Thoughts on editing maiming

"Read over your compositions, and wherever you meet with a passage which you think is particularly fine, strike it out."

Thus spake Samuel Johnson.

But I wonder, as I begin tinkering with the bits and pieces I've produced over a long and mostly fruitless summer, is my own taste so out of whack? Everything eventually boils down to epistemology, which is just a headache I would as soon skip. What is aesthetic good and how do we know when we've reached enlightenment, and other such rot.

But I am always curious about when a poem is finished, what sorts of mystical (or perhaps very practical) things occur to stave the poet's maiming pen? We often speak of things just clicking into place - suddenly, it's there, there's nothing more to be done, it's perfect - or in any case, it is what it was meant to be. But me, I'm a sucker for measurable criteria. Often, these criteria stick their little pig noses into the initial writing stages and thus we have the requisite dry spell. When is a spell not dry, anyway?
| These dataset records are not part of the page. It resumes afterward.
Definition wclosed (C : set (X -> R)) := forall g, dual_ball g -> wclosure C g -> C g.

Definition extremal (C : set (X -> R)) := C `<=` dual_ball /\
  forall g h1 h2, C g -> dual_ball h1 -> dual_ball h2 ->
    (forall x, g x = (h1 x + h2 x) / 2) -> C h1 /\ C h2.

Definition closed_extremal (C : set (X -> R)) := [/\ wclosed C, extremal C & C !=set0].

Definition maxface (C : set (X -> R)) (x : X) := [set h | C h /\ forall k, C k -> k x <= h x].

Lemma closed_extremal_ball : closed_extremal (@dual_ball R X).
Proof.
split => //; first by split => // g h1 h2 _ b1 b2 _.
exists (fun=> 0); apply: lin_contraction_dual_ball.
  by move=> a x y; rewrite mulr0 addr0.
by move=> x; rewrite normr0.
Qed.

Lemma wclosed_maxface {C} x : wclosed C -> wclosed (maxface C x).
Proof.
move=> C_cl h hb h_cl.
have face_sub : maxface C x `<=` C by move=> k [].
split => [|k Ck]; first exact: C_cl hb (wclosureS face_sub h h_cl).
apply/ler_addgt0Pr => eps e0.
have [h' [_ h'_max] h'h] := wclosure_eval x h_cl e0.
by have := h'_max k Ck; move: h'h; rewrite ltr_norml; lra.
Qed.
(* Let $Q$ be a Moufang loop. Then $xa^{-3}\cdot a^3y=T_a^{-1}(T_a(x)T_a(y))$ for all $a,x,y\in Q$, where $T_a=R_a^{-1}L_a$.
   Context: A loop is a magma with identity in which the left translations $L_a(y)=ay$ and right translations $R_a(y)=ya$ are bijections; it is Moufang if it satisfies $xy\cdot zx=(x\cdot yz)x$ (Moufang loops are power associative, so $a^{\pm3}$ are defined). *)

From mathcomp Require Import ssreflect ssrfun ssrbool.

Set Implicit Arguments.
Unset Strict Implicit.

(* A loop (Q, mul, e): e is a two-sided identity and every left translation
   L_a = mul a and right translation R_a = mul ^~ a is a bijection.  We record
   the bijections together with their (necessarily unique) inverse maps:
   ldiv a = L_a^{-1} and rdiv ^~ a = R_a^{-1}. *)
Definition is_loop (Q : Type) (mul : Q -> Q -> Q) (e : Q)
    (ldiv rdiv : Q -> Q -> Q) : Prop :=
  [/\ (forall x, mul e x = x), (forall x, mul x e = x),
      (forall a, cancel (mul a) (ldiv a) /\ cancel (ldiv a) (mul a)) &
      (forall a, cancel (mul ^~ a) (rdiv ^~ a) /\ cancel (rdiv ^~ a) (mul ^~ a))].

Definition moufang_law (Q : Type) (mul : Q -> Q -> Q) : Prop :=
  forall x y z, mul (mul x y) (mul z x) = mul (mul x (mul y z)) x.

Section Ops.
Variables (Q : Type) (mul : Q -> Q -> Q) (e : Q) (ldiv rdiv : Q -> Q -> Q).

(* a^3 (well defined in a Moufang loop by power associativity) *)
Definition cube (a : Q) : Q := mul a (mul a a).
(* two-sided inverse in a Moufang loop: the unique y with a y = e *)
Definition linv (a : Q) : Q := ldiv a e.
Definition invcube (a : Q) : Q := linv (cube a).
Definition T (a x : Q) : Q := rdiv (mul a x) a.
Definition Tinv (a x : Q) : Q := ldiv a (mul x a).
End Ops.

From mathcomp Require Import ssreflect ssrfun ssrbool.

Set Implicit Arguments.

(* The Moufang law yields flexibility and the inverse properties, hence the
   left and right Bol identities.  These split T_a^{-1}(u v) as
   (((a^-1 u) a^-1) a^-1) (a (a (v a))); for u = T_a x and v = T_a y the two
   factors collapse to x a^-3 and a^3 y. *)

Declare Scope loop_scope.

Section MoufangLoop.

Variables (Q : Type) (mul : Q -> Q -> Q) (e : Q) (ldiv rdiv : Q -> Q -> Q).
Hypothesis loopQ : is_loop mul e ldiv rdiv.
Hypothesis moufangQ : moufang_law mul.

Local Notation "x * y" := (mul x y) : loop_scope.
Local Notation "x ^-1" := (linv e ldiv x) : loop_scope.
Local Open Scope loop_scope.

Lemma mul1q x : e * x = x.
Proof. by case: loopQ. Qed.

Lemma mulq1 x : x * e = x.
Proof. by case: loopQ. Qed.

Lemma ldiv_mulK a x : ldiv a (a * x) = x.
Proof. by case: loopQ => _ _ /(_ a) []. Qed.

Lemma mul_ldivK a x : a * ldiv a x = x.
Proof. by case: loopQ => _ _ /(_ a) []. Qed.

Lemma rdiv_mulK a x : rdiv (x * a) a = x.
Proof. by case: loopQ => _ _ _ /(_ a) []. Qed.

Lemma mul_rdivK a x : rdiv x a * a = x.
Proof. by case: loopQ => _ _ _ /(_ a) []. Qed.

Lemma mulqI a : injective (mul a).
Proof. exact: can_inj (ldiv_mulK a). Qed.

Lemma mulIq a : injective (mul^~ a).
Proof. exact: (can_inj (g := rdiv^~ a) (rdiv_mulK a)). Qed.

Lemma flexible x z : x * (z * x) = (x * z) * x.
Proof. by have := moufangQ x e z; rewrite mulq1 mul1q. Qed.

Lemma mulqV x : x * x^-1 = e.
Proof. exact: mul_ldivK. Qed.

Lemma mulVKq x z : x * (x^-1 * z) = z.
Proof.
apply: (@mulIq x); have := moufangQ x x^-1 z.
by rewrite mulqV mul1q => <-.
Qed.

Lemma mulKq x z : x^-1 * (x * z) = z.
Proof. by apply: (@mulqI x); rewrite mulVKq. Qed.

Lemma mulqK x z : (z * x) * x^-1 = z.
Proof.
have := moufangQ x^-1 (x * z) x.
by rewrite mulKq mulqV mulq1 -(flexible x z) mulKq => <-.
Qed.

Lemma mulqKV x z : (z * x^-1) * x = z.
Proof. by apply: (@mulIq x^-1); rewrite mulqK. Qed.

Lemma invqM x y : (x * y)^-1 = y^-1 * x^-1.
Proof.
have invxy_x : (x * y)^-1 * x = y^-1.
  by have := mulKq (x * y) y^-1; rewrite mulqK.
by rewrite -invxy_x mulqK.
Qed.

Lemma ldivE a z : ldiv a z = a^-1 * z.
Proof. by rewrite -{2}(mul_ldivK a z) mulKq. Qed.

Lemma rdivE a z : rdiv z a = z * a^-1.
Proof. by rewrite -{2}(mul_rdivK a z) mulqK. Qed.

Lemma bol_left b w t : ((b * w) * b) * t = b * (w * (b * t)).
Proof.
have moufang_t := moufangQ b (w * (b * t)) (b * t)^-1.
rewrite mulqK in moufang_t.
by rewrite -moufang_t invqM !mulqKV.
Qed.

Lemma bol_right u b w : u * ((b * w) * b) = ((u * b) * w) * b.
Proof.
have moufang_u := moufangQ b (u * b)^-1 (u * b * w).
rewrite mulKq in moufang_u.
by rewrite -moufang_u invqM !mulVKq.
Qed.

Lemma invq_cube a : (cube mul a)^-1 = cube mul a^-1.
Proof. by rewrite /cube !invqM flexible. Qed.

Lemma mul_cubel a y : cube mul a * y = a * (a * (a * y)).
Proof. by rewrite /cube flexible bol_left. Qed.

Lemma mul_cuber x a : x * cube mul a = ((x * a) * a) * a.
Proof. by rewrite /cube flexible bol_right. Qed.

Lemma TE a x : T mul rdiv a x = (a * x) * a^-1.
Proof. exact: rdivE. Qed.

Lemma TinvE a z : Tinv mul ldiv a z = a^-1 * (z * a).
Proof. exact: ldivE. Qed.

Lemma Tinv_mul a u v :
  Tinv mul ldiv a (u * v) = (((a^-1 * u) * a^-1) * a^-1) * (a * (a * (v * a))).
Proof.
have right_split : (u * v) * a = (u * a^-1) * ((a * v) * a).
  by rewrite bol_right mulqKV.
have left_split s : a^-1 * ((u * a^-1) * s) = ((a^-1 * (u * a^-1)) * a^-1) * (a * s).
  by rewrite bol_left mulKq.
by rewrite TinvE right_split left_split flexible -(flexible a v).
Qed.

Lemma mulV_T a x : a^-1 * T mul rdiv a x = x * a^-1.
Proof. by rewrite TE flexible mulKq. Qed.

Lemma mul_TK a y : T mul rdiv a y * a = a * y.
Proof. by rewrite TE mulqKV. Qed.

End MoufangLoop.

Theorem proposition1p9 (Q : Type) (mul : Q -> Q -> Q) (e : Q)
    (ldiv rdiv : Q -> Q -> Q) :
  is_loop mul e ldiv rdiv -> moufang_law mul ->
  forall a x y : Q,
    mul (mul x (invcube mul e ldiv a)) (mul (cube mul a) y) =
    Tinv mul ldiv a (mul (T mul rdiv a x) (T mul rdiv a y)).
Proof.
move=> loopQ moufangQ a x y.
rewrite (Tinv_mul loopQ moufangQ) (mulV_T loopQ moufangQ) (mul_TK loopQ moufangQ).
by rewrite -(mul_cuber loopQ moufangQ) -(mul_cubel loopQ moufangQ)
  /invcube (invq_cube loopQ moufangQ).
Qed.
They're really rather simple, perhaps a trifle silly, but they've come to be implicit rules for my writing/revising process. For one, unless I cannot for the life of me see any way around it, I do not like to include more than three "to be" verbs in one finished poem. If it's a shorter poem, I'll lower my limit to once or twice, depending of course on the proportion of other, more glamourous verbs. Rather elementary of me, I suppose, but I really do wonder how many poets think about such trivialities while revising. What do other poets think about while revising?

What about you? Do you think about sex or grammar? Do you try not to think, but meditate, hoping for the click? And does the click happen?
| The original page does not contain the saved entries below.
Lemma cdf_pooled_ge0_le1 x : 0 <= F x <= 1.
Proof.
have PZ := probability_pooled_le (inl ord0) x.
rewrite -!lee_fin -PZ measure_ge0 probability_le1 //.
exact: (measurable_Z_preimage (inl ord0)).
Qed.

Lemma cdf_pooled_nondecreasing : {homo F : x y / x <= y}.
Proof.
move=> x y xy; rewrite -lee_fin -!(probability_pooled_le (inl ord0)).
apply: le_measure; rewrite ?inE; try exact: (measurable_Z_preimage (inl ord0)).
by move=> t /=; rewrite !in_itv /= => /le_trans; apply.
Qed.

Lemma cdf_max_of_mins_pooled :
  Defs.cdf P
    (fun t => Num.max (min_ord (fun j => X j t)) (min_ord (fun j => Y j t))) =
  cdf_max_of_mins n F.
Proof.
apply/funext => x.
pose b (k : 'I_n.+1 + 'I_n.+1) := if k is inl _ then true else false.
have := probability_bigsetI_setC_blocks P b (fun=> [set` `]x, +oo[]) _ mZ
  (fun=> measurable_itv _) indep (fun k => probability_pooled_gt k x).
rewrite !big_bool /= !big_sumType /= !big_pred0_eq !eqxx setIT setTI mulr1 mul1r.
rewrite -!preimage_min_ord_gt -setCitvl -!preimage_setC !setCK.
rewrite -preimage_max_le => PU.
by rewrite /Defs.cdf PU /= !prodr_const !card_ord.
Qed.

Lemma cdf_min_of_maxes_pooled :
  Defs.cdf P (fun t => min_ord (fun j => Num.max (X j t) (Y j t))) =
  cdf_min_of_maxes n F.
Proof.
apply/funext => x.
pose b (k : 'I_n.+1 + 'I_n.+1) := match k with inl j | inr j => j end.
have := probability_bigsetU_blocks P b (fun=> [set` `]-oo, x]]) _ mZ
  (fun=> measurable_itv _) indep (fun k => probability_pooled_le k x).
under eq_bigr => k _ do rewrite big_sumType /= !big_pred1_eq -preimage_max_le.
rewrite -preimage_min_ord_le => PV.
rewrite /Defs.cdf PV /=.
under eq_bigr => k _ do rewrite big_sumType /= !big_pred1_eq.
by rewrite prodr_const card_ord.
Qed.

End PooledSample.

Lemma hazardE d (T : measurableType d) (R : realType) (P : probability T R)
    (W : T -> R) x :
  hazard P W x = hazard_of_cdf (Defs.cdf P W) x.
Proof. by []. Qed.

Theorem corollary4p1 (d : measure_display) (T : measurableType d)
  (R : realType) (P : probability T R) (n : nat)
  (X Y : 'I_n.+1 -> T -> R) :
  let Z := fun k : 'I_n.+1 + 'I_n.+1 =>
             match k with inl j => X j | inr j => Y j end in
  (forall k, measurable_fun setT (Z k)) ->
  mutually_independent P Z ->
  identically_distributed P Z ->
  (forall k, abs_continuous P (Z k)) ->
  (forall k, support_nonneg_halfline P (Z k)) ->
  hr_ratio_ge P
    (fun t => Num.max (min_ord (fun j => X j t)) (min_ord (fun j => Y j t)))
    (fun t => min_ord (fun j => Num.max (X j t) (Y j t))).
Proof.
move=> Z mZ indep iid _ _ x y _ xy _ _ dUx dUy hUx hUy.
rewrite !hazardE (cdf_max_of_mins_pooled P X Y mZ indep iid) in dUx dUy hUx hUy *.
rewrite (cdf_min_of_maxes_pooled P X Y mZ indep iid).
apply: hazard_ratio_min_of_maxes_nondecreasing => //.
- exact: cdf_pooled_ge0_le1 mZ iid.
- exact: cdf_pooled_nondecreasing mZ iid.
Qed.
(* Let $d,e\in\mathbb{Z}^+$ with $e\in\{1,\dots,d-1\}$, let $B\subseteq\mathbb{R}^2$ and $D\subseteq B$. (i) If $\alpha_e(D)\ge0$, then there is $C\in\mathcal{C}_{\le e}$ with $\psi_e^{-1}(V_e(D))\subseteq C$. (ii) If $\beta_e(B,D)\ge -1$, then there is $C\in\mathcal{C}_{\le d-e}$ with $\psi_{d-e}^{-1}(W_e(B,D))\subseteq C$. (iii) If $|B|\le\binom{d+2}{2}-1$, then there is $C\in\mathcal{C}_{\le d}$ with $\psi_d^{-1}(V_d(B))\subseteq C$. (iv) If $|B|\le\binom{d+2}{2}-1$, then there are $C_1\in\mathcal{C}_{\le e}$, $C_2\in\mathcal{C}_{\le d-e}$, $C_3\in\mathcal{C}_{\le d}$ with $U_e(B,D)\subseteq C_1\cup C_2\cup C_3$.
   Context: For $k\in\mathbb{Z}^+$, a curve of degree $k$ is the zero set in $\mathbb{R}^2$ of a polynomial in $\mathbb{R}[x,y]$ of degree exactly $k$; $\mathcal{C}_k$ is the family of such curves and $\mathcal{C}_{\le k}:=\bigcup_{j=1}^k\mathcal{C}_j$. For $k\in\mathbb{Z}^+$ let $I_k=\{(i,j)\in\mathbb{Z}_{\ge 0}^2: 1\le i+j\le k\}$ and $\psi_k:\mathbb{R}^2\to\mathbb{R}^{\binom{k+2}{2}-1}$, $\psi_k(a_1,a_2)=(a_1^ia_2^j)_{(i,j)\in I_k}$. A flat is an affine subspace; $\mathrm{Fl}(S)$ is the affine hull of $S$ ($\mathrm{Fl}(\emptyset)=\emptyset$, $\dim\emptyset=-1$). With $d$ fixed, for $e\in\{1,\dots,d-1\}$, $B\subseteq\mathbb{R}^2$, $D\subseteq B$: $V_e(D):=\mathrm{Fl}(\psi_e(D))\subseteq\mathbb{R}^{\binom{e+2}{2}-1}$; $W_e(B,D):=\mathrm{Fl}\big(\psi_{d-e}(B\setminus\psi_e^{-1}(V_e(D)))\big)\subseteq\mathbb{R}^{\binom{d-e+2}{2}-1}$; $\alpha_e(D):=\binom{e+2}{2}-2-\dim V_e(D)$; $\beta_e(B,D):=\binom{d-e+2}{2}-3-\dim W_e(B,D)$; and $U_e(B,D):=\psi_d^{-1}(V_d(B))$ if $\alpha_e(D)<0$; $U_e(B,D):=\psi_d^{-1}(V_d(B))\cup\psi_e^{-1}(V_e(D))$ if $\beta_e(B,D)<0\le\alpha_e(D)$; $U_e(B,D):=\psi_d^{-1}(V_d(B))\cup\psi_e^{-1}(V_e(D))\cup\psi_{d-e}^{-1}(W_e(B,D))$ if $\alpha_e(D),\beta_e(B,D)\ge0$. Here $V_d(B):=\mathrm{Fl}(\psi_d(B))$. *)

From HB Require Import structures.
From mathcomp Require Import all_boot all_order all_algebra.
From mathcomp Require Import boolp reals.
From mathcomp Require Import mpoly.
Always, I feel silly asking questions such as these, but I realize that if I don't ask them, I shall have precious little of use to write in this space. And I really don't want a dead blog on my hands. Dead blogs always speak of fickle or disinterested writers. I should hope that I am neither. In fact, I feel more and more that now that I have an MFA, I am just beginning my education.

More later, I hope. For now, back to working stiffness.